(* Let $A=K[X_1,\ldots,X_n]$ over a field $K$, let $d$ be a positive integer, let $W$ be a $K$-vector subspace of $A_d$, and let $\omega=(\omega_1,\ldots,\omega_n)\in\mathbb Z^n$ be a weight with $\omega_1\geq\cdots\geq\omega_n\geq 0$. Then for every integer $0\leq a\leq\omega_1 d$, the dimension of the homogeneous component of weight $a$ of $\operatorname{in}_\omega(W)$ equals $\operatorname{rk}^{S_a}W-\operatorname{rk}^{S_{a+1}}W$. Furthermore, if $W$ is homogeneous with respect to $\omega$ and $b\in\mathcal B$, then $\alpha_\omega(bW)\geq\alpha_\omega(W)$ (componentwise).
   Context: $A_d$ is the space of homogeneous polynomials of degree $d$. The weight of a monomial $\mathbf X^{\mathbf a}$ is $\omega\cdot\mathbf a$. For $0\leq a\leq\omega_1d+1$, $S_a$ is the set of monomials in $A_d$ of weight strictly less than $a$. For a finite set $S$ of monomials and a subspace $W$, $\operatorname{rk}^S W=\dim_K (W+\langle S\rangle)/\langle S\rangle$, where $\langle S\rangle$ is the $K$-span of $S$. Define $\alpha_\omega(W)=(\operatorname{rk}^{S_{\omega_1 d}}W,\operatorname{rk}^{S_{\omega_1 d-1}}W,\ldots,\operatorname{rk}^{S_1}W)$. The initial form $\operatorname{in}_\omega(f)$ is the sum of the terms of $f$ of maximal weight, and $\operatorname{in}_\omega(W)$ is the $K$-span of $\{\operatorname{in}_\omega(f): f\in W\}$; its homogeneous component of weight $a$ is its intersection with the span of monomials of weight $a$. $W$ is homogeneous with respect to $\omega$ if it is spanned by polynomials all of whose monomials have the same weight. $\mathcal B$ is the group of invertible upper-triangular $n\times n$ matrices over $K$; a matrix $b=(b_{ij})$ acts on $A$ as the linear change of coordinates $X_j\mapsto\sum_{i=1}^n b_{ij}X_i$ (so for $b\in\mathcal B$, $X_j\mapsto \sum_{i\le j}b_{ij}X_i$), and $bW$ is the image of $W$. *)

From HB Require Import structures.
From mathcomp Require Import all_boot all_order all_algebra.
From mathcomp.multinomials Require Import mpoly.
From Stdlib Require Import ClassicalEpsilon.
Set Implicit Arguments.
Unset Strict Implicit.
Unset Printing Implicit Defensive.
Import Order.TTheory GRing.Theory Num.Theory.
Local Open Scope ring_scope.

Section Lin.
Variables (K : fieldType) (V : lmodType K).

Definition inspan (s : seq V) (v : V) : Prop :=
  exists c : 'I_(size s) -> K, v = \sum_(i < size s) c i *: s`_i.

(* [quotdim_is P Q k] : P, Q subspaces of V; dim_K (P + Q)/Q = k, i.e.
   there are k elements of P whose images in (P + Q)/Q form a basis:
   they are linearly independent modulo Q, and every element of P
   (hence every element of P + Q) is congruent modulo Q to a linear
   combination of them. *)
Definition quotdim_is (P Q : V -> Prop) (k : nat) : Prop :=
  exists t : 'I_k -> V,
    [/\ forall i, P (t i),
        forall c : 'I_k -> K, Q (\sum_(i < k) c i *: t i) -> forall i, c i = 0
      & forall v, P v -> exists c : 'I_k -> K, Q (v - \sum_(i < k) c i *: t i)].

(* dim_K (P + Q)/Q  (the chosen value when it exists; all spaces below are
   finite-dimensional) *)
Definition quotdim (P Q : V -> Prop) : nat :=
  epsilon (inhabits 0%N) (quotdim_is P Q).

Definition dimK (P : V -> Prop) : nat := quotdim P (fun v => v = 0).

Definition is_subspace (P : V -> Prop) : Prop :=
  [/\ P 0, forall u v, P u -> P v -> P (u + v)
    & forall (c : K) v, P v -> P (c *: v)].

End Lin.

Section Poly.
Variables (n : nat) (K : fieldType).
Local Notation A := {mpoly K[n]}.

Definition in_Ad (d : nat) (p : A) : Prop :=
  forall m, m \in msupp p -> mdeg m = d.

Definition mweight (w : 'I_n -> int) (m : 'X_{1..n}) : int :=
  \sum_(i < n) w i * (m i)%:Z.

(* K-span of a (possibly infinite) set M of monomials: the polynomials
   all of whose monomials lie in M *)
Definition monspan (M : 'X_{1..n} -> Prop) (p : A) : Prop :=
  forall m, m \in msupp p -> M m.

(* <S_a> : span of the monomials of A_d of weight strictly less than a *)
Definition span_S (w : 'I_n -> int) (d : nat) (a : int) : A -> Prop :=
  monspan (fun m => mdeg m = d /\ mweight w m < a).

Definition rkS (w : 'I_n -> int) (d : nat) (a : int) (W : A -> Prop) : nat :=
  quotdim W (span_S w d a).

Definition init_form (w : 'I_n -> int) (f : A) : A :=
  \sum_(m <- msupp f | all (fun m' => mweight w m' <= mweight w m) (msupp f))
     f@_m *: 'X_[m].

Definition init_space (w : 'I_n -> int) (W : A -> Prop) (v : A) : Prop :=
  exists s : seq A,
    (forall g, g \in s -> exists f, W f /\ g = init_form w f) /\ inspan s v.

Definition weight_comp (w : 'I_n -> int) (a : int) (U : A -> Prop) (v : A) : Prop :=
  U v /\ monspan (fun m => mweight w m = a) v.

Definition w_homog_poly (w : 'I_n -> int) (f : A) : Prop :=
  forall m m', m \in msupp f -> m' \in msupp f -> mweight w m = mweight w m'.

(* W is homogeneous w.r.t. w : spanned by w-homogeneous polynomials
   (which may be taken in W) *)
Definition w_homog_space (w : 'I_n -> int) (W : A -> Prop) : Prop :=
  forall v, W v -> exists s : seq A,
    (forall g, g \in s -> W g /\ w_homog_poly w g) /\ inspan s v.

Definition bact (b : 'M[K]_n) (p : A) : A :=
  p \mPo [tuple \sum_(i < n) b i j *: 'X_i | j < n].

Definition bimage (b : 'M[K]_n) (W : A -> Prop) (q : A) : Prop :=
  exists p, W p /\ q = bact b p.

Definition borel (b : 'M[K]_n) : Prop :=
  b \in unitmx /\ (forall i j : 'I_n, (j < i)%N -> b i j = 0).

End Poly.

(* Modulo <S_a> a polynomial of A_d only retains its monomials of weight at
   least a.  So an element of W lying in <S_(a+1)> is determined modulo <S_a>
   by its weight-a component, which is its initial form whenever it is
   nonzero; this makes rk^{S_a} W - rk^{S_(a+1)} W the dimension of the
   weight-a part of in_w(W).  For the Borel inequality, truncate a basis of W
   modulo <S_a> to its monomials of weight >= a: by homogeneity the truncation
   stays in W and is still free modulo <S_a>.  An upper triangular b cannot
   lower weights when w is non-increasing, and b is invertible, so the images
   under b stay free modulo <S_a> inside bW. *)

From Pilot Require Import Defs.
From HB Require Import structures.
From mathcomp Require Import all_boot all_order all_algebra zify.
From mathcomp.multinomials Require Import mpoly.
From Stdlib Require Import ClassicalEpsilon Classical.
Import Order.TTheory GRing.Theory Num.Theory.
Local Open Scope ring_scope.
Set Implicit Arguments.
Unset Strict Implicit.

(* mpoly exports a different mweight. *)
Local Notation mweight := Defs.mweight.

Definition fam_cat (T : Type) k1 k2 (t1 : 'I_k1 -> T) (t2 : 'I_k2 -> T)
    (i : 'I_(k1 + k2)) : T :=
  match split i with inl x => t1 x | inr y => t2 y end.

Lemma fam_cat_lshift (T : Type) k1 k2 (t1 : 'I_k1 -> T) (t2 : 'I_k2 -> T) x :
  fam_cat t1 t2 (lshift k2 x) = t1 x.
Proof. by rewrite /fam_cat (unsplitK (inl x)). Qed.

Lemma fam_cat_rshift (T : Type) k1 k2 (t1 : 'I_k1 -> T) (t2 : 'I_k2 -> T) y :
  fam_cat t1 t2 (rshift k1 y) = t2 y.
Proof. by rewrite /fam_cat (unsplitK (inr y)). Qed.

Section Subspace.
Variables (K : fieldType) (V : lmodType K) (Q : V -> Prop).
Hypothesis hQ : is_subspace Q.

Lemma subspace0 : Q 0. Proof. by case: hQ. Qed.
Lemma subspaceD u v : Q u -> Q v -> Q (u + v). Proof. by case: hQ => _ + _; apply. Qed.
Lemma subspaceZ c v : Q v -> Q (c *: v). Proof. by case: hQ => _ _; apply. Qed.
Lemma subspaceB u v : Q u -> Q v -> Q (u - v).
Proof. by move=> Qu Qv; rewrite -scaleN1r; apply/subspaceD/subspaceZ. Qed.

Lemma subspace_sum (I : Type) (r : seq I) (P : pred I) (F : I -> V) :
  (forall i, P i -> Q (F i)) -> Q (\sum_(i <- r | P i) F i).
Proof. by move=> QF; apply: big_ind => //; [apply: subspace0 | apply: subspaceD]. Qed.

Lemma subspace_lincomb k (c : 'I_k -> K) (t : 'I_k -> V) :
  (forall i, Q (t i)) -> Q (\sum_i c i *: t i).
Proof. by move=> Qt; apply: subspace_sum => i _; apply: subspaceZ. Qed.

End Subspace.

Section QuotientDimension.
Variables (K : fieldType) (V : lmodType K) (Q : V -> Prop).
Hypothesis hQ : is_subspace Q.

Definition free_mod k (t : 'I_k -> V) :=
  forall c : 'I_k -> K, Q (\sum_i c i *: t i) -> forall i, c i = 0.

Lemma free_mod_le_span k m (t : 'I_k -> V) (u : 'I_m -> V) :
  (forall i, exists c : 'I_m -> K, Q (t i - \sum_j c j *: u j)) ->
  free_mod t -> (k <= m)%N.
Proof.
case/fin_all_exists=> C tu tfree; rewrite leqNgt; apply/negP=> ltmk.
pose M := \matrix_(i < k, j < m) C i j.
pose r := nz_row (kermx M).
have r_neq0 : r != 0.
  rewrite nz_row_eq0 -mxrank_eq0 mxrank_ker subn_eq0 -ltnNge.
  exact: leq_ltn_trans (rank_leq_col M) ltmk.
have rM0 : r *m M = 0 by apply/sub_kermxP; apply: nz_row_sub.
suff /tfree r0 : Q (\sum_i r 0 i *: t i).
  by move/eqP: r_neq0; apply; apply/rowP => i; rewrite mxE r0.
have -> : \sum_i r 0 i *: t i = \sum_i r 0 i *: (t i - \sum_j C i j *: u j)
                                + \sum_j (r *m M) 0 j *: u j.
  rewrite [X in _ + X](eq_bigr (fun j => \sum_i (r 0 i * C i j) *: u j));
    last by move=> j _; rewrite !mxE scaler_suml; apply: eq_bigr => i _; rewrite mxE.
  rewrite exchange_big -big_split /=; apply: eq_bigr => i _.
  by rewrite scalerBr scaler_sumr (eq_bigr _ (fun j _ => scalerA _ _ _)) subrK.
apply: (subspaceD hQ); first exact: subspace_lincomb.
by rewrite rM0; apply: (subspace_sum hQ) => j _; rewrite mxE scale0r; apply: (subspace0 hQ).
Qed.

Lemma free_mod_le_quotdim (P : V -> Prop) k k' (t : 'I_k -> V) :
  (forall i, P (t i)) -> free_mod t -> quotdim_is P Q k' -> (k <= k')%N.
Proof.
move=> Pt tfree [u [_ _ uspan]].
by apply: (free_mod_le_span (u := u)) tfree => i; apply: uspan.
Qed.

Lemma quotdimE (P : V -> Prop) k : quotdim_is P Q k -> quotdim P Q = k.
Proof.
have le (k1 k2 : nat) : quotdim_is P Q k1 -> quotdim_is P Q k2 -> (k1 <= k2)%N.
  by case=> t [Pt tfree _]; apply: free_mod_le_quotdim.
move=> Pk; have Pq : quotdim_is P Q (quotdim P Q) by apply: epsilon_spec; exists k.
by apply/eqP; rewrite eqn_leq !le.
Qed.

Definition fam_rcons k (t : 'I_k -> V) (v : V) (i : 'I_k.+1) : V :=
  if unlift ord_max i is Some j then t j else v.

Lemma free_mod_rcons k (t : 'I_k -> V) v :
  free_mod t -> ~ (exists c : 'I_k -> K, Q (v - \sum_i c i *: t i)) ->
  free_mod (fam_rcons t v).
Proof.
move=> tfree v_notin c; rewrite big_ord_recr /= /fam_rcons unlift_none.
have widen_lift (i : 'I_k) : widen_ord (leqnSn k) i = lift ord_max i.
  exact/val_inj/esym/lift_max.
under eq_bigr => i _ do rewrite widen_lift liftK.
set c' := fun i => c (lift ord_max i) => Qc.
have cmax0 : c ord_max = 0.
  apply: contra_not_eq v_notin => cmax_neq0.
  exists (fun i => - (c' i / c ord_max)).
  suff -> : v - \sum_i - (c' i / c ord_max) *: t i
            = (c ord_max)^-1 *: (\sum_i c' i *: t i + c ord_max *: v).
    exact: subspaceZ.
  rewrite scalerDr scalerA mulVf // scale1r addrC scaler_sumr -sumrN.
  by congr (_ + _); apply: eq_bigr => i _; rewrite scaleNr opprK scalerA mulrC.
move: Qc; rewrite cmax0 scale0r addr0 => /tfree c'0 i.
by case: (unliftP ord_max i) => [j ->|->].
Qed.

Lemma quotdim_is_or_extend (P : V -> Prop) k (t : 'I_k -> V) :
  (forall i, P (t i)) -> free_mod t ->
  quotdim_is P Q k \/ exists t' : 'I_k.+1 -> V, (forall i, P (t' i)) /\ free_mod t'.
Proof.
move=> Pt tfree.
case: (classic (forall v, P v -> exists c : 'I_k -> K, Q (v - \sum_i c i *: t i))).
  by left; exists t.
move=> /not_all_ex_not [v /(imply_to_and (P v)) [Pv v_notin]]; right.
exists (fam_rcons t v); split; last exact: free_mod_rcons.
by move=> i; rewrite /fam_rcons; case: unlift.
Qed.

Lemma quotdim_is_exists (P : V -> Prop) (s : seq V) :
  (forall v, P v -> inspan s v) -> exists k, quotdim_is P Q k.
Proof.
move=> Pspan.
have free_le_size k (t : 'I_k -> V) : (forall i, P (t i)) -> free_mod t -> (k <= size s)%N.
  move=> Pt; apply: (free_mod_le_span (u := fun j => s`_j)) => i.
  by have [c ->] := Pspan _ (Pt i); exists c; rewrite subrr; apply: subspace0.
suff grow r k (t : 'I_k -> V) : (forall i, P (t i)) -> free_mod t ->
    (size s - k <= r)%N -> exists k, quotdim_is P Q k.
  by apply: (grow (size s) 0%N (fun _ => 0)); [case | move=> c _ [] | rewrite subn0].
elim: r k t => [|r IH] k t Pt tfree le_r.
all: case: (quotdim_is_or_extend Pt tfree) => [|[t' [Pt' t'free]]]; first by exists k.
all: have := free_le_size _ _ Pt' t'free.
- by move=> ?; exfalso; lia.
- by move=> ?; apply: (IH _ _ Pt' t'free); lia.
Qed.

Lemma quotdim_spec (P : V -> Prop) (s : seq V) :
  (forall v, P v -> inspan s v) -> quotdim_is P Q (quotdim P Q).
Proof. by case/quotdim_is_exists => k Pk; rewrite (quotdimE Pk). Qed.

End QuotientDimension.

Lemma inspan_map (K : fieldType) (V : lmodType K) (T : Type) (x0 : T)
    (f : T -> V) (s : seq T) (c : T -> K) :
  inspan (map f s) (\sum_(x <- s) c x *: f x).
Proof.
rewrite /inspan size_map; exists (fun i => c (nth x0 s i)).
by rewrite (big_nth x0) big_mkord; apply: eq_bigr => i _; rewrite (nth_map x0).
Qed.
= = = =
Problem: Every line with "fieldType" in it should be copied from the entries.

Result:
Variables (K : fieldType) (V : lmodType K).
Variables (n : nat) (K : fieldType).
Variables (K : fieldType) (V : lmodType K) (Q : V -> Prop).
Variables (K : fieldType) (V : lmodType K) (Q : V -> Prop).
Lemma inspan_map (K : fieldType) (V : lmodType K) (T : Type) (x0 : T)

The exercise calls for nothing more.